I remem­ber a brief time in the mid-​2000s insist­ing on so-​called Yoda con­di­tions” in my Perl. I would place con­stants to the left of equal­i­ty com­par­isons. In case I acci­den­tal­ly typed a sin­gle = instead of ==, the com­pil­er would catch it instead of blithe­ly assign­ing a vari­able.

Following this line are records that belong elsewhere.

(* Eaux pi k f = \bar E^pi [ f(x_{k+1}) 1{x_{k+1} \in X_{k+1}} ] *)
Fixpoint Eaux (pi : policy) (k : nat) : (X k.+1 -> R) -> R :=
  match k as k0 return (X k0.+1 -> R) -> R with
  | 0 => fun f => Rintegral rho setT f
  | k'.+1 => fun f => Eaux pi k' (Pstep pi k'.+1 f)
  end.

(* expected reward \bar E^pi [ \sum_{h=1}^H \bar r_h(x_h, a_h) ], where
   \bar r_h = r_h on X_h x A and 0 at terminal states / terminal action *)
Definition value (H : nat) (r : forall h, X h -> A -> R) (pi : policy) : R :=
  \sum_(1 <= h < H.+1)
    match h as h0 return (X h0 -> A -> R) -> R with
    | 0 => fun _ => 0
    | k.+1 => fun rk => Eaux pi k (fun x => \sum_(a : A) pi k.+1 x (Some a) * rk x a)
    end (r h).

(* density \bar d^pi(x) w.r.t. nu of the law of x_{k+2}, at x in X_{k+2}:
   mu*_{k+2}(x)^T \bar E^pi[ phi*_{k+1}(x_{k+1}, a_{k+1}) 1{x_{k+1}, a_{k+1} non-terminal} ] *)
Definition occ_dens (pi : policy) (k : nat) (x : X k.+2) : R :=
  dotv (mu k.+2 x)
       (fun i => Eaux pi k (fun y => \sum_(a : A) pi k.+1 y (Some a) * phi k.+1 y a i)).

(* reachable states X_{h,eta}(Pi') (X_{1,eta} = X_1 by convention) *)
Definition reachable (eta : R) (Pi' : set policy) (h : nat) : set (X h) :=
  match h as h0 return set (X h0) with
  | k.+2 => [set x | exists2 pi, Pi' pi & eta * enorm (mu k.+2 x) <= occ_dens pi k x]
  | _ => setT
  end.
Theorem proposition3p7 (k : closedFieldType) (P : {poly rat}) (n : nat) :
  admissible k P -> (0 < n)%N -> ((size P).-1 < n)%N ->
  (forall (r : nat) (b : nat -> nat),
     gotz_seq r b -> P = gotzmann r b ->
     (* lambda(L^P_n) = L^{lambda P}_{n+1} *)
     (forall (I : {mpoly k[n.+1]} -> Prop) (h : nat -> nat)
             (I' : {mpoly k[n.+2]} -> Prop) (h' : nat -> nat),
        is_homog_ideal I -> (forall d, is_dim (deg_piece I d) (h d)) ->
        is_hilb_poly n.+1 h P ->
        is_homog_ideal I' -> (forall d, is_dim (deg_piece I' d) (h' d)) ->
        is_hilb_poly n.+2 h' (gotzmann_lambda r b) ->
        same_ideal (ext_ideal (saturation (@lex_ideal k n.+1 h)))
                   (saturation (@lex_ideal k n.+2 h')))
     (* codimension is preserved: (n+1) - deg lambda(P) = n - deg P *)
     /\ (n.+1 - (size (gotzmann_lambda r b)).-1 = n - (size P).-1)%N)
  /\
  (* lambda(L(a_0,...,a_(n-1))) = L(0,a_0,...,a_(n-1)) *)
  (forall a : nat -> nat,
     same_ideal (ext_ideal (@L_ideal k n a)) (@L_ideal k n.+1 (shift0 a))).
Proof.
move=> [P_neq0 _] n_gt0 deg_lt; split => [r b b_noninc PE|a f]; last first.
  rewrite (same_ideal_ext (L_idealE a n_gt0)) ext_lexseg_ideal ?size_lvec //.
  by rewrite -lvec_shift0 -(L_idealE _ (ltn0Sn n)).
have r_gt0 : (0 < r)%N.
  by rewrite lt0n; apply: contra_neq P_neq0 => r0; rewrite PE r0 gotzmann0.
have deg_P : (size P).-1 = b 0%N by rewrite PE size_gotzmann.
have lt_bn j : (j < r)%N -> (b j < n)%N.
  by move=> lt_jr; rewrite (leq_ltn_trans (b_noninc 0%N j _ lt_jr)) // -deg_P.
have b1_noninc : gotz_seq r (fun j => (b j).+1).
  by move=> i j le_ij lt_jr; rewrite ltnS b_noninc.
rewrite gotzmann_lambdaE size_gotzmann // deg_P subSS.
split => // I h I' h' _ _ hilb _ _ hilb' f; rewrite PE in hilb.
rewrite (same_ideal_ext (saturation_lex_ideal_gotzmann r_gt0 b_noninc lt_bn hilb)).
rewrite ext_lexseg_ideal ?size_lvec // -lvec_gotz_succ.
by rewrite (saturation_lex_ideal_gotzmann r_gt0 b1_noninc _ hilb').
Qed.
Definition Def2 {M : OAG} (S : structure M) (R : M -> M -> Prop) : Prop :=
  Def S 2 (fun w => exists a b, w = [a; b] /\ R a b).

Section Definability.
Context {M : OAG} (S : structure M).
Notation z0 := (zero M).

Lemma def_inter {n A B} : Def S n A -> Def S n B -> Def S n (fun x => A x /\ B x).
Proof.
  intros HA HB.
  eapply Def_ext;
    [|exact (Def_compl S _ _ (Def_union S _ _ _ (Def_compl S _ _ HA) (Def_compl S _ _ HB)))].
  intro x; split.
  - intros [Hl Hn]. split; apply NNPP; intro Hc; apply Hn; tauto.
  - intros [Ha Hb]. split; [exact (Def_len S _ _ HA x Ha)|tauto].
Qed.

Lemma def_full n : Def S n (fun x => length x = n).
Proof. eapply Def_ext; [|exact (Def_compl S _ _ (Def_empty S n))]. intro x; tauto. Qed.

Lemma def_prodl_iter {n} k {A} : Def S n A ->
  Def S (k + n) (fun z => exists l y, z = l ++ y /\ length l = k /\ A y).
Proof.
  intro HA. induction k as [|k IH].
  - eapply Def_ext; [|exact HA]. intro x; split.
    + intro H; exists [], x; auto.
    + intros ([|] & y & -> & Hl & Hy); [exact Hy|discriminate].
  - eapply Def_ext; [|exact (Def_prodl S _ _ IH)]. intro x; split.
    + intros (a & y & -> & l & w & -> & Hl & Hw). exists (a :: l), w. simpl; auto.
    + intros ([|a l] & y & -> & Hl & Hy); [discriminate|].
      exists a, (l ++ y). split; [reflexivity|]. exists l, y. simpl in Hl. auto.
Qed.

Lemma def_proj_iter n k {A} : Def S (n + k) A ->
  Def S n (fun y => exists l, length l = k /\ A (y ++ l)).
Proof.
  revert n A. induction k as [|k IH]; intros n A HA.
  - rewrite Nat.add_0_r in HA. eapply Def_ext; [|exact HA]. intro x; split.
    + intro H; exists []; rewrite app_nil_r; auto.
    + intros ([|] & Hl & H); [rewrite app_nil_r in H; exact H|discriminate].
  - rewrite Nat.add_succ_r in HA.
    eapply Def_ext; [|exact (IH _ _ (Def_proj S _ _ HA))]. intro y; split.
    + intros (l & Hl & a & Ha). exists (l ++ [a]).
      rewrite length_app, Hl, app_assoc. split; [simpl; lia|exact Ha].
    + intros (l & Hl & H). destruct (exists_last (l:=l)) as (l' & a & ->).
      { intros ->; discriminate. }
      rewrite length_app in Hl; simpl in Hl. exists l'. split; [lia|].
      exists a. rewrite <- app_assoc. exact H.
Qed.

E.g.:

if ( $foo == 42 ) { ... } # don’t do this
if ( 42 == $foo ) { ... } # do this
if ( $foo = 42  ) { ... } # to prevent this

And because a fool­ish con­sis­ten­cy is the hob­gob­lin of lit­tle minds, I would even extend this to string and rela­tion­al comparisons.

if ( 'bar' eq $foo ) { ... } # weirdo
if ( 42 > $foo )     { ... } # make it stop

It looks weird, and it turns out it’s unnec­es­sary as long as you pre­cede your code with use warnings;. Perl will then warn you: Found = in conditional, should be ==“. (Sidenote: Perl v5.36, due in mid-​2022, is slat­ed to enable warn­ings by default if you do use v5.35; or above, in addi­tion to the strict­ness that was enabled with use v5.11;. Yay for less boilerplate!)

If you want to fatal­ly catch this and many oth­er warn­ings, use the stric­tures mod­ule from CPAN in your code like this:

use strictures 2;

This will cause your code to throw an excep­tion if it com­mits many cat­e­gories of mis­takes. If you’re run­ning in a ver­sion con­trol sys­tem’s work­ing direc­to­ry (specif­i­cal­ly Git, Subversion, Mercurial, or Bazaar), the mod­ule also pre­vents you from using indi­rect object syn­tax, Perl 4‑style mul­ti­di­men­sion­al arrays, and bare­word file­han­dles.

Getting back to assign­ments vs. con­di­tion­als, there is one case where I’ve found it to be accept­able to use an assign­ment inside an if state­ment, and that’s when I need to use the result of a check inside the con­di­tion. For example:

if ( my $foo = some_truthy_function() ) {
    ... # do something further with $foo
}

This keeps the scope of some_truthy_function()s result inside the block so that I don’t pol­lute the out­er scope with a tem­po­rary vari­able. Fortunately, Perl does­n’t warn on this syntax.